[TASK REQUIREMENTS]
Beginning with the line that holds "Definition perm_vec (s" in the data below, give again every line through the one that holds "End Jacobi.", exactly as written.
********
(* Let $\mathfrak{R}$ be either $\mathbb{F}_q$ ($q$ a prime power) or $\mathbb{Z}_k$ ($k\ge 2$), with character $\chi$ as in the context. Let $C$ be an $\mathfrak{R}$-linear code of length $n$ and $\bm{w}\in\mathfrak{R}^n$. Then \[ Jac^{av}(C^{\perp},\bm{w}; x_{a} : a \in \mathfrak{R}^{2})=\frac{1}{|C|}\,Jac^{av}\Big(C,\bm{w};\ \sum_{b\in\mathfrak{R}}\chi(a_1 b)\,x_{(b,a_2)} : a=(a_1,a_2)\in\mathfrak{R}^{2}\Big), \] where the right-hand side is $Jac^{av}(C,\bm{w};x_a:a\in\mathfrak{R}^2)$ with each $x_{(a_1,a_2)}$ replaced by $\sum_{b}\chi(a_1b)x_{(b,a_2)}$.
   Context: An $\mathbb{F}_q$-linear code of length $n$ is a subspace of $\mathbb{F}_q^n$; a $\mathbb{Z}_k$-linear code is an additive subgroup of $\mathbb{Z}_k^n$. $C^\perp=\{\bm{v}\in\mathfrak{R}^n : \sum_i u_iv_i=0\ \forall \bm{u}\in C\}$. The character $\chi$: if $\mathfrak{R}=\mathbb{F}_q$, $q=p^f$, fix a root $\lambda$ of a primitive irreducible polynomial of degree $f$ over $\mathbb{F}_p$, write $\alpha=\alpha_0+\alpha_1\lambda+\cdots+\alpha_{f-1}\lambda^{f-1}$ ($\alpha_i\in\mathbb{F}_p$) and set $\chi(\alpha)=\zeta_p^{\alpha_0}$; if $\mathfrak{R}=\mathbb{Z}_k$, $\chi(\alpha)=\zeta_k^{\alpha}$ ($\zeta_m$ a primitive $m$-th root of unity). For $a\in\mathfrak{R}^2$, $r_a(\bm{u};\bm{w})=\#\{i:(u_i,w_i)=a\}$, and $Jac(C,\bm{w};x_a:a\in\mathfrak{R}^2)=\sum_{\bm{u}\in C}\prod_{a\in\mathfrak{R}^2}x_a^{r_a(\bm{u};\bm{w})}$. For $\sigma\in S_n$ and $\bm{u}\in\mathfrak{R}^n$, $\bm{u}^\sigma=(u_{\sigma(1)},\dots,u_{\sigma(n)})$ and $C^\sigma=\{\bm{u}^\sigma:\bm{u}\in C\}$. The average Jacobi polynomial is $Jac^{av}(C,\bm{w};x_a:a\in\mathfrak{R}^2)=\frac{1}{n!}\sum_{\sigma\in S_n}Jac(C^\sigma,\bm{w};x_a:a\in\mathfrak{R}^2)$. *)

From HB Require Import structures.
From mathcomp Require Import all_boot all_order all_algebra all_fingroup all_field.
From mathcomp Require Import mpoly.

Set Implicit Arguments.
Unset Strict Implicit.
Unset Printing Implicit Defensive.

Import GRing.Theory.
Local Open Scope ring_scope.

Section Jacobi.
Variables (R : finComNzRingType) (n : nat).

(* Linear codes: F_q-linear = subspace, Z_k-linear = additive subgroup. *)
Definition additive_code (C : {set 'rV[R]_n}) : bool :=
  (0 \in C) && [forall u in C, forall v in C, u - v \in C].

Definition subspace_code (C : {set 'rV[R]_n}) : bool :=
  additive_code C && [forall a : R, forall u in C, a *: u \in C].

Definition dual_code (C : {set 'rV[R]_n}) : {set 'rV[R]_n} :=
  [set v : 'rV[R]_n | [forall u in C, \sum_(i < n) u ord0 i * v ord0 i == 0]].

Definition r_count (a : R * R) (u w : 'rV[R]_n) : nat :=
  #|[set i : 'I_n | (u ord0 i, w ord0 i) == a]|.

Definition perm_vec (s : 'S_n) (u : 'rV[R]_n) : 'rV[R]_n :=
  \row_(i < n) u ord0 (s i).
Definition perm_code (C : {set 'rV[R]_n}) (s : 'S_n) : {set 'rV[R]_n} :=
  [set perm_vec s u | u in C].

Definition NV := #|{: R * R}|.
Notation Pol := {mpoly algC[NV]}.

Definition xvar (a : R * R) : Pol := 'X_(enum_rank a).

(* Jac(C, w; y_a : a in R^2) for an arbitrary family y of polynomials
   (y = xvar gives the Jacobi polynomial; other y give substitutions). *)
Definition Jac (C : {set 'rV[R]_n}) (w : 'rV[R]_n) (y : R * R -> Pol) : Pol :=
  \sum_(u in C) \prod_(a : R * R) y a ^+ r_count a u w.

Definition JacAv (C : {set 'rV[R]_n}) (w : 'rV[R]_n) (y : R * R -> Pol) : Pol :=
  (n`!%:R)^-1 *: \sum_(s : 'S_n) Jac (perm_code C s) w y.

Definition xsubst (chi : R -> algC) (a : R * R) : Pol :=
  \sum_(b : R) chi (a.1 * b) *: xvar (b, a.2).

End Jacobi.

Definition is_primitive_poly (p f : nat) (P : {poly 'F_p}) : Prop :=
  irreducible_poly P /\ size P = f.+1 /\
  P %| 'X^(p ^ f - 1) - 1 /\
  (forall e : nat, (0 < e)%N -> (e < p ^ f - 1)%N -> ~~ (P %| 'X^e - 1)).

(* alpha_0 : the constant coordinate of alpha in the basis 1, lam, ..., lam^(f-1)
   over F_p (elements of F_p are represented by nat's < p cast into F). *)
Definition coord0 (F : finFieldType) (p f : nat) (lam : F) (alpha : F) : nat :=
  match [pick t : f.-tuple 'I_p |
           alpha == \sum_(i < f) (nat_of_ord (tnth t i))%:R * lam ^+ i] with
  | Some t => nth 0%N [seq nat_of_ord i | i <- t] 0
  | None => 0%N
  end.

Definition chiF (F : finFieldType) (p f : nat) (lam : F) (zeta : algC)
  (alpha : F) : algC := zeta ^+ coord0 p f lam alpha.

Definition chiZ (k : nat) (zeta : algC) (alpha : 'Z_k) : algC :=
  zeta ^+ (nat_of_ord alpha).

(** The substitution is a Fourier transform in the first coordinate:
    expanding [prod_i sum_b chi(u_i b) x_(b, w_i)] gives [sum_v chi(u.v) x^(v, w)].
    Summing over [u] in [C] and exchanging sums, orthogonality of characters
    ([sum_(u in C) chi(u.v)] is [|C|] if [v] is in the dual and [0] otherwise,
    because a character with a nontrivial value on the group [C] sums to zero)
    leaves [|C|] times the Jacobi polynomial of the dual code.  Since [C^sigma]
    with [w] behaves like [C] with [w^(sigma^-1)], the identity survives
    averaging over [S_n].  Over [Z_k] the character [a |-> zeta^a] has trivial
    kernel; over [F_q] the map [alpha |-> alpha_0] is additive because
    [1, lam, ..., lam^(f-1)] is an [F_p]-basis ([lam] is a root of an irreducible
    polynomial of degree [f] and [|F| = p^f]), and a linear code sees every
    value of the nontrivial character by scaling. *)

From Pilot Require Import Defs.
From HB Require Import structures.
From mathcomp Require Import all_boot all_order all_algebra all_fingroup all_field.
From mathcomp Require Import mpoly.
Import GRing.Theory Num.Theory.
Local Open Scope ring_scope.
Set Implicit Arguments.
Unset Strict Implicit.
Unset Printing Implicit Defensive.

Section Codes.
Variables (R : finComNzRingType) (n : nat).
Implicit Types (C : {set 'rV[R]_n}) (u v w : 'rV[R]_n).

Definition dot u v : R := \sum_(i < n) u ord0 i * v ord0 i.

Lemma dotDl u1 u2 v : dot (u1 + u2) v = dot u1 v + dot u2 v.
Proof. by rewrite /dot -big_split; apply: eq_bigr => i _; rewrite mxE mulrDl. Qed.

Lemma dotZl a u v : dot (a *: u) v = a * dot u v.
Proof. by rewrite /dot mulr_sumr; apply: eq_bigr => i _; rewrite mxE mulrA. Qed.

Lemma additive_code0 C : additive_code C -> 0 \in C.
Proof. by case/andP. Qed.

Lemma additive_codeD C u v : additive_code C -> u \in C -> v \in C -> u + v \in C.
Proof.
case/andP=> C0 /forall_inP subC uC vC.
have vNC : - v \in C by rewrite -sub0r; exact: (forall_inP (subC 0 C0)).
by rewrite -[v]opprK; exact: (forall_inP (subC u uC)).
Qed.

Definition separates_dual (chi : R -> algC) C :=
  forall v, v \notin dual_code C -> exists2 u, u \in C & chi (dot u v) != 1.

Lemma perm_vecK (s : 'S_n) : cancel (@perm_vec R n s) (perm_vec s^-1).
Proof. by move=> u; apply/rowP => i; rewrite !mxE permKV. Qed.

End Codes.

Lemma separates_dual_ker1 (R : finComNzRingType) n (chi : R -> algC)
    (C : {set 'rV[R]_n}) :
  (forall a, chi a = 1 -> a = 0) -> separates_dual chi C.
Proof.
move=> chi_ker1 v; rewrite inE negb_forall_in => /existsP[u /andP[uC dot_neq0]].
by exists u => //; apply: contra dot_neq0 => /eqP/chi_ker1/eqP.
Qed.

Lemma separates_dual_subspace (F : finFieldType) n (chi : F -> algC)
    (C : {set 'rV[F]_n}) e :
  subspace_code C -> chi e != 1 -> separates_dual chi C.
Proof.
case/andP=> _ /forallP scaleC chi_e v.
rewrite inE negb_forall_in => /existsP[u /andP[uC /negPf dot_neq0]].
exists ((e / dot u v) *: u); first exact: (forall_inP (scaleC _)).
by rewrite dotZl divfK ?dot_neq0.
Qed.

Section MacWilliams.
Variables (R : finComNzRingType) (n : nat).
Local Notation Pol := {mpoly algC[NV R]}.
Implicit Types (C : {set 'rV[R]_n}) (u v w : 'rV[R]_n).

Lemma prod_exp_r_count (y : R * R -> Pol) u w :
  \prod_(a : R * R) y a ^+ r_count a u w = \prod_(i < n) y (u ord0 i, w ord0 i).
Proof.
rewrite (partition_big (fun i => (u ord0 i, w ord0 i)) predT) //=.
apply: eq_bigr => a _; rewrite (eq_bigr (fun _ => y a)); last by move=> i /eqP ->.
by rewrite prodr_const; congr (_ ^+ _); apply: eq_card => i; rewrite inE.
Qed.

Lemma Jac_perm_code C (s : 'S_n) w (y : R * R -> Pol) :
  Jac (perm_code C s) w y = Jac C (perm_vec s^-1 w) y.
Proof.
rewrite /Jac big_imset /=; last by move=> u v _ _; apply: (can_inj (perm_vecK s)).
apply: eq_bigr => u _; rewrite !prod_exp_r_count (reindex_inj (@perm_inj _ s^-1)).
by apply: eq_bigr => i _; rewrite !mxE permKV.
Qed.

Variable chi : R -> algC.
Hypothesis chiD : {morph chi : a b / a + b >-> a * b}.
Hypothesis chi0 : chi 0 = 1.

Lemma sum_chi_dot C v : additive_code C -> separates_dual chi C ->
  \sum_(u in C) chi (dot u v) = if v \in dual_code C then #|C|%:R else 0.
Proof.
move=> addC sepC; case: ifPn => [vCd | /sepC[u0 u0C chi_u0v]].
  rewrite (eq_bigr (fun=> 1)) ?sumr_const // => u uC.
  by move: vCd; rewrite inE => /forall_inP/(_ u uC)/eqP; rewrite /dot => ->.
set S := \sum_(u in C) _.
have shiftC : [set u + u0 | u in C] = C.
  apply/eqP; rewrite eqEcard card_imset ?leqnn ?andbT; last exact: addIr.
  by apply/subsetP => _ /imsetP[u uC ->]; apply: additive_codeD.
have S_invariant : S = chi (dot u0 v) * S.
  rewrite {1}/S -{1}shiftC big_imset /=; last by move=> x y _ _; apply: addIr.
  by rewrite mulr_sumr; apply: eq_bigr => u _; rewrite dotDl chiD mulrC.
apply/eqP; move/eqP: S_invariant; rewrite -subr_eq0 -{1}[S]mul1r -mulrBl.
by rewrite mulf_eq0 subr_eq0 eq_sym (negbTE chi_u0v).
Qed.

Definition jac_monomial w v : Pol := \prod_(i < n) xvar (v ord0 i, w ord0 i).

(* Distributing the product picks one b per coordinate, i.e. a vector v. *)
Lemma prod_xsubst u w :
  \prod_(i < n) xsubst chi (u ord0 i, w ord0 i) =
  \sum_v chi (dot u v) *: jac_monomial w v.
Proof.
rewrite /xsubst bigA_distr_bigA /=.
rewrite (reindex (fun v : 'rV[R]_n => [ffun i => v ord0 i])) /=; last first.
  exists (fun g : {ffun 'I_n -> R} => \row_i g i) => [v _|g _].
    by apply/rowP => i; rewrite !mxE ffunE.
  by apply/ffunP => i; rewrite ffunE mxE.
apply: eq_bigr => v _; rewrite scaler_prod (big_morph chi chiD chi0).
by congr (_ *: _); apply: eq_bigr => i _; rewrite ffunE.
Qed.

Lemma Jac_dual_code C w : additive_code C -> separates_dual chi C ->
  Jac (dual_code C) w (@xvar R) = (#|C|%:R)^-1 *: Jac C w (xsubst chi).
Proof.
move=> addC sepC; have C_gt0 : (0 < #|C|)%N.
  by rewrite card_gt0; apply/set0Pn; exists 0; apply: additive_code0.
under [Jac C w _]eq_bigr do rewrite prod_exp_r_count prod_xsubst.
rewrite exchange_big /=.
under [X in _ *: X]eq_bigr do
  rewrite -scaler_suml sum_chi_dot // (fun_if (fun c => c *: _)) scale0r.
rewrite -big_mkcond scaler_sumr; apply: eq_bigr => v _.
rewrite scalerA mulVf ?scale1r ?prod_exp_r_count //.
by rewrite pnatr_eq0 -lt0n.
Qed.

Lemma JacAv_dual_code C w : additive_code C -> separates_dual chi C ->
  JacAv (dual_code C) w (@xvar R) = (#|C|%:R)^-1 *: JacAv C w (xsubst chi).
Proof.
move=> addC sepC; rewrite /JacAv scalerA mulrC -scalerA; congr (_ *: _).
by rewrite scaler_sumr; apply: eq_bigr => s _; rewrite !Jac_perm_code Jac_dual_code.
Qed.

End MacWilliams.

Section CharacterZk.
Variables (k : nat) (zeta : algC).
Hypotheses (k_gt1 : (1 < k)%N) (zeta_prim : k.-primitive_root zeta).

Let zeta_prim_Zk : (Zp_trunc k).+2.-primitive_root zeta.
Proof. by rewrite Zp_cast. Qed.

Lemma chiZ_D : {morph @chiZ k zeta : a b / a + b >-> a * b}.
Proof. by move=> a b; rewrite /chiZ -exprD /= prim_expr_mod. Qed.

Lemma chiZ_eq1 (a : 'Z_k) : chiZ zeta a = 1 -> a = 0.
Proof.
move/eqP; rewrite /chiZ -(prim_order_dvd zeta_prim_Zk) => k_dvd_a.
apply: val_inj; apply/eqP; apply: contraTT k_dvd_a => a_neq0.
by rewrite gtnNdvd ?lt0n.
Qed.

End CharacterZk.

Section CharacterFq.
Variables (F : finFieldType) (p f : nat) (lam : F) (zeta : algC).
Hypotheses (pcharF : p \in [pchar F]) (cardF : #|F| = (p ^ f)%N).
Variable P : {poly 'F_p}.
Hypotheses (P_irr : irreducible_poly P) (sizeP : size P = f.+1).
Hypothesis P_lam : root (map_poly (fun c : 'F_p => (nat_of_ord c)%:R : F) P) lam.
Hypothesis zeta_prim : p.-primitive_root zeta.

Let p_prime : prime p := pcharf_prime pcharF.
(* [F] as an [F_p]-algebra, in which the cast [c |-> c%:R] is [in_alg]. *)
Local Notation Fa := (pPrimeCharType pcharF).

Lemma natr_Fp_in_alg (c : 'F_p) : (nat_of_ord c)%:R = in_alg Fa c.
Proof. exact/esym/mulr1. Qed.

Lemma horner_in_alg_neq0 (Q : {poly 'F_p}) :
  Q != 0 -> (size Q <= f)%N -> (map_poly (in_alg Fa) Q).[lam] != 0.
Proof.
move=> Q_neq0 sizeQ; apply: (@coprimep_root _ (map_poly (in_alg Fa) P)).
  rewrite coprimep_map irreducible_poly_coprime //.
  by apply: contraL sizeQ => /(dvdp_leq Q_neq0); rewrite sizeP -ltnNge.
by rewrite -(eq_map_poly natr_Fp_in_alg).
Qed.

Definition lam_expand (t : f.-tuple 'I_p) : F :=
  \sum_(i < f) (nat_of_ord (tnth t i))%:R * lam ^+ i.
********
[REPLY TO THE TASK]
Definition perm_vec (s : 'S_n) (u : 'rV[R]_n) : 'rV[R]_n :=
  \row_(i < n) u ord0 (s i).
Definition perm_code (C : {set 'rV[R]_n}) (s : 'S_n) : {set 'rV[R]_n} :=
  [set perm_vec s u | u in C].

Definition NV := #|{: R * R}|.
Notation Pol := {mpoly algC[NV]}.

Definition xvar (a : R * R) : Pol := 'X_(enum_rank a).

(* Jac(C, w; y_a : a in R^2) for an arbitrary family y of polynomials
   (y = xvar gives the Jacobi polynomial; other y give substitutions). *)
Definition Jac (C : {set 'rV[R]_n}) (w : 'rV[R]_n) (y : R * R -> Pol) : Pol :=
  \sum_(u in C) \prod_(a : R * R) y a ^+ r_count a u w.

Definition JacAv (C : {set 'rV[R]_n}) (w : 'rV[R]_n) (y : R * R -> Pol) : Pol :=
  (n`!%:R)^-1 *: \sum_(s : 'S_n) Jac (perm_code C s) w y.

Definition xsubst (chi : R -> algC) (a : R * R) : Pol :=
  \sum_(b : R) chi (a.1 * b) *: xvar (b, a.2).

End Jacobi.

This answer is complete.